--- Supplied material ---
(* Let $\mu:\mathbb{N}\to\mathbb{R}$ with increments $\gamma(n)=\mu(n+1)-\mu(n)$ satisfying $\gamma(n)\ge0$ and $\gamma(n+1)\le\gamma(n)$ for all $n\in\mathbb{N}$. Let $T,N,h$ be integers with $N\ge2$, $N\le T-1$ and $1\le h\le\lfloor N/2\rfloor$, and define $$\widetilde\mu^T=\frac1h\sum_{l=N-h+1}^{N}\Big(\mu(l)+(T-l)\frac{\mu(l)-\mu(l-h)}{h}\Big).$$ Then $\widetilde\mu^T\ge\mu(T)$ and $$\widetilde\mu^T-\mu(T)\le\frac12(2T-2N+h-1)\,\gamma(N-2h+1).$$
   Context: In the paper $\mu$ is the expected-reward function of an arm (indexed by number of pulls), $N$ is the number of pulls of the arm before some round $t\le T$, and $h$ is the window width. *)

From Stdlib Require Import Reals Lra Lia.
Open Scope R_scope.

Definition gam (mu : nat -> R) (n : nat) : R := mu (S n) - mu n.

(* sum_{l = a}^{b} f l  (empty, i.e. 0, when b < a) *)
Fixpoint sum_range_aux (f : nat -> R) (a : nat) (k : nat) : R :=
  match k with
  | O => 0
  | S k' => sum_range_aux f a k' + f (a + k')%nat
  end.
Definition sum_range (f : nat -> R) (a b : nat) : R :=
  sum_range_aux f a (S b - a).

Definition mu_tilde (mu : nat -> R) (T N h : nat) : R :=
  / INR h * sum_range
    (fun l => mu l + (INR T - INR l) * ((mu l - mu (l - h)%nat) / INR h))
    (N - h + 1) N.

(** For [N - h + 1 <= l <= N], the chord slope [(mu l - mu (l - h)) / h] lies
    between [gam mu l] and [gam mu (l - h)] by concavity.  Extrapolating the
    chord from [l] to [T] therefore overshoots [mu T] (which grows by at most
    [gam mu l] per step after [l]), by at most [(T - l) gam mu (l - h)
    <= (T - l) gam mu (N - 2h + 1)].  Averaging over the [h] values of [l]
    turns [T - l] into [(2T - 2N + h - 1) / 2]. *)

From Stdlib Require Import Reals Lra Lia.
Open Scope R_scope.

Lemma sum_range_aux_le (f g : nat -> R) (a k : nat) :
  (forall i, (i < k)%nat -> f (a + i)%nat <= g (a + i)%nat) ->
  sum_range_aux f a k <= sum_range_aux g a k.
Proof.
  induction k as [|k IH]; intros Hfg; simpl; [lra|].
  assert (sum_range_aux f a k <= sum_range_aux g a k) by (apply IH; auto).
  specialize (Hfg k (Nat.lt_succ_diag_r k)).
  lra.
Qed.

Lemma sum_range_aux_const (c : R) (a k : nat) :
  sum_range_aux (fun _ => c) a k = INR k * c.
Proof.
  induction k as [|k IH]; simpl sum_range_aux.
  - simpl; ring.
  - rewrite IH, S_INR; ring.
Qed.

Lemma sum_range_aux_affine (c d : R) (a k : nat) :
  sum_range_aux (fun l => c + d * INR l) a k
  = INR k * c + d * INR k * (INR a + (INR k - 1) / 2).
Proof.
  induction k as [|k IH]; simpl sum_range_aux.
  - simpl; field.
  - rewrite IH, plus_INR, S_INR; field.
Qed.

Definition chord_extrapolation (mu : nat -> R) (h T l : nat) : R :=
  mu l + (INR T - INR l) * ((mu l - mu (l - h)%nat) / INR h).

Lemma mu_tilde_chord_extrapolation (mu : nat -> R) (T N h : nat) :
  (h <= N)%nat ->
  mu_tilde mu T N h
  = / INR h * sum_range_aux (chord_extrapolation mu h T) (N - h + 1) h.
Proof.
  intros HhN; unfold mu_tilde, sum_range.
  now replace (S N - (N - h + 1))%nat with h by lia.
Qed.

Section ConcaveNondecreasing.

Variable mu : nat -> R.
Hypothesis gam_ge0 : forall n : nat, 0 <= gam mu n.
Hypothesis gam_S_le : forall n : nat, gam mu (S n) <= gam mu n.

Lemma gam_antitone (i j : nat) : (i <= j)%nat -> gam mu j <= gam mu i.
Proof.
  induction 1 as [|j _ IH]; [lra|].
  specialize (gam_S_le j); lra.
Qed.

Lemma mu_le_add (m k : nat) : mu m <= mu (m + k)%nat.
Proof.
  induction k as [|k IH]; [rewrite Nat.add_0_r; lra|].
  rewrite Nat.add_succ_r.
  specialize (gam_ge0 (m + k)%nat); unfold gam in *; lra.
Qed.

Lemma mu_add_sub_le (m k : nat) : mu (m + k)%nat - mu m <= INR k * gam mu m.
Proof.
  induction k as [|k IH]; [rewrite Nat.add_0_r; simpl; lra|].
  rewrite Nat.add_succ_r, S_INR.
  assert (gam mu (m + k)%nat <= gam mu m) by (apply gam_antitone; lia).
  unfold gam in *; lra.
Qed.

Lemma mu_add_sub_ge (m k : nat) :
  INR k * gam mu (m + k)%nat <= mu (m + k)%nat - mu m.
Proof.
  induction k as [|k IH]; [rewrite Nat.add_0_r; simpl; lra|].
  rewrite Nat.add_succ_r, S_INR.
  pose proof (gam_S_le (m + k)).
  assert (INR k * gam mu (S (m + k)) <= INR k * gam mu (m + k)%nat)
    by (apply Rmult_le_compat_l; [apply pos_INR | apply gam_S_le]).
  unfold gam in *; lra.
Qed.

Lemma chord_slope_bounds (h l : nat) : (1 <= h <= l)%nat ->
  gam mu l <= (mu l - mu (l - h)%nat) / INR h <= gam mu (l - h)%nat.
Proof.
  intros Hhl.
  assert (Hh : 0 < INR h) by (apply lt_0_INR; lia).
  pose proof (mu_add_sub_ge (l - h) h) as Hge.
  pose proof (mu_add_sub_le (l - h) h) as Hle.
  replace (l - h + h)%nat with l in Hge, Hle by lia.
  set (s := (mu l - mu (l - h)%nat) / INR h).
  assert (Hs : INR h * s = mu l - mu (l - h)%nat) by (unfold s; field; lra).
  split; apply Rmult_le_reg_l with (INR h); auto; lra.
Qed.

Lemma chord_extrapolation_bounds (h T l : nat) : (1 <= h <= l)%nat -> (l <= T)%nat ->
  mu T <= chord_extrapolation mu h T l
  /\ chord_extrapolation mu h T l - mu T <= (INR T - INR l) * gam mu (l - h)%nat.
Proof.
  intros Hhl HlT; unfold chord_extrapolation.
  destruct (chord_slope_bounds h l Hhl) as [Hslope_ge Hslope_le].
  set (s := (mu l - mu (l - h)%nat) / INR h) in *.
  pose proof (mu_add_sub_le l (T - l)) as Hgrowth.
  pose proof (mu_le_add l (T - l)) as Hmono.
  replace (l + (T - l))%nat with T in Hgrowth, Hmono by lia.
  rewrite minus_INR in Hgrowth by lia.
  assert (HTl : 0 <= INR T - INR l) by (rewrite <- minus_INR by lia; apply pos_INR).
  split.
  - assert ((INR T - INR l) * gam mu l <= (INR T - INR l) * s)
      by (apply Rmult_le_compat_l; auto).
    lra.
  - assert ((INR T - INR l) * s <= (INR T - INR l) * gam mu (l - h)%nat)
      by (apply Rmult_le_compat_l; auto).
    lra.
Qed.

Lemma chord_extrapolation_window_bounds (N h T l : nat) :
  (1 <= h)%nat -> (2 * h <= N)%nat -> (N < T)%nat -> (N - h + 1 <= l <= N)%nat ->
  mu T <= chord_extrapolation mu h T l
  /\ chord_extrapolation mu h T l
     <= mu T + (INR T - INR l) * gam mu (N - 2 * h + 1)%nat.
Proof.
  intros Hh H2h HNT Hl.
  destruct (chord_extrapolation_bounds h T l) as [Hlo Hhi]; try lia.
  assert (gam mu (l - h)%nat <= gam mu (N - 2 * h + 1)%nat)
    by (apply gam_antitone; lia).
  assert (HTl : 0 <= INR T - INR l) by (rewrite <- minus_INR by lia; apply pos_INR).
  assert ((INR T - INR l) * gam mu (l - h)%nat
          <= (INR T - INR l) * gam mu (N - 2 * h + 1)%nat)
    by (apply Rmult_le_compat_l; auto).
  lra.
Qed.

End ConcaveNondecreasing.

Theorem lemma5 (mu : nat -> R) (T N h : nat)
  (Hgam_nonneg : forall n : nat, 0 <= gam mu n)
  (Hgam_noninc : forall n : nat, gam mu (S n) <= gam mu n)
  (HN2 : (2 <= N)%nat) (HNT : (N <= T - 1)%nat)
  (Hh1 : (1 <= h)%nat) (Hh2 : (h <= N / 2)%nat) :
  mu T <= mu_tilde mu T N h /\
  mu_tilde mu T N h - mu T
    <= / 2 * (2 * INR T - 2 * INR N + INR h - 1) * gam mu (N - 2 * h + 1)%nat.
Proof.
  assert (H2h : (2 * h <= N)%nat).
  { pose proof (Nat.Div0.mul_div_le N 2); lia. }
  set (g := gam mu (N - 2 * h + 1)%nat).
  assert (Hterm : forall i, (i < h)%nat ->
    mu T <= chord_extrapolation mu h T (N - h + 1 + i)
    /\ chord_extrapolation mu h T (N - h + 1 + i)
       <= (mu T + g * INR T) + - g * INR (N - h + 1 + i)).
  { intros i Hi.
    destruct (chord_extrapolation_window_bounds mu Hgam_nonneg Hgam_noninc
                N h T (N - h + 1 + i)) as [Hlo Hhi]; try lia.
    split; fold g in Hhi; lra. }
  rewrite mu_tilde_chord_extrapolation by lia.
  set (S0 := sum_range_aux (chord_extrapolation mu h T) (N - h + 1) h).
  assert (Hlo : INR h * mu T <= S0).
  { rewrite <- sum_range_aux_const with (a := (N - h + 1)%nat).
    apply sum_range_aux_le; intros i Hi; apply Hterm; auto. }
  assert (Hhi : S0 <= INR h * (mu T + g * INR T)
                      + - g * INR h * (INR N - INR h + 1 + (INR h - 1) / 2)).
  { replace (INR N - INR h + 1) with (INR (N - h + 1))
      by (rewrite plus_INR, minus_INR by lia; simpl; ring).
    rewrite <- sum_range_aux_affine.
    apply sum_range_aux_le; intros i Hi; apply Hterm; auto. }
  assert (Hh : 0 < INR h) by (apply lt_0_INR; lia).
  split; apply Rmult_le_reg_l with (INR h); auto.
  - rewrite <- Rmult_assoc, Rinv_r, Rmult_1_l by lra; lra.
  - replace (INR h * (/ INR h * S0 - mu T)) with (S0 - INR h * mu T) by (field; lra).
    lra.
Qed.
---
▶ **What you have to do**
In your answer, include only the lines above starting at the line that holds "mu T <= mu_tilde mu T N h /\" and ending at the line that holds "split; fold g", copied exactly.

▶ **Solved exercise**
  mu T <= mu_tilde mu T N h /\
  mu_tilde mu T N h - mu T
    <= / 2 * (2 * INR T - 2 * INR N + INR h - 1) * gam mu (N - 2 * h + 1)%nat.
Proof.
  assert (H2h : (2 * h <= N)%nat).
  { pose proof (Nat.Div0.mul_div_le N 2); lia. }
  set (g := gam mu (N - 2 * h + 1)%nat).
  assert (Hterm : forall i, (i < h)%nat ->
    mu T <= chord_extrapolation mu h T (N - h + 1 + i)
    /\ chord_extrapolation mu h T (N - h + 1 + i)
       <= (mu T + g * INR T) + - g * INR (N - h + 1 + i)).
  { intros i Hi.
    destruct (chord_extrapolation_window_bounds mu Hgam_nonneg Hgam_noninc
                N h T (N - h + 1 + i)) as [Hlo Hhi]; try lia.
    split; fold g in Hhi; lra. }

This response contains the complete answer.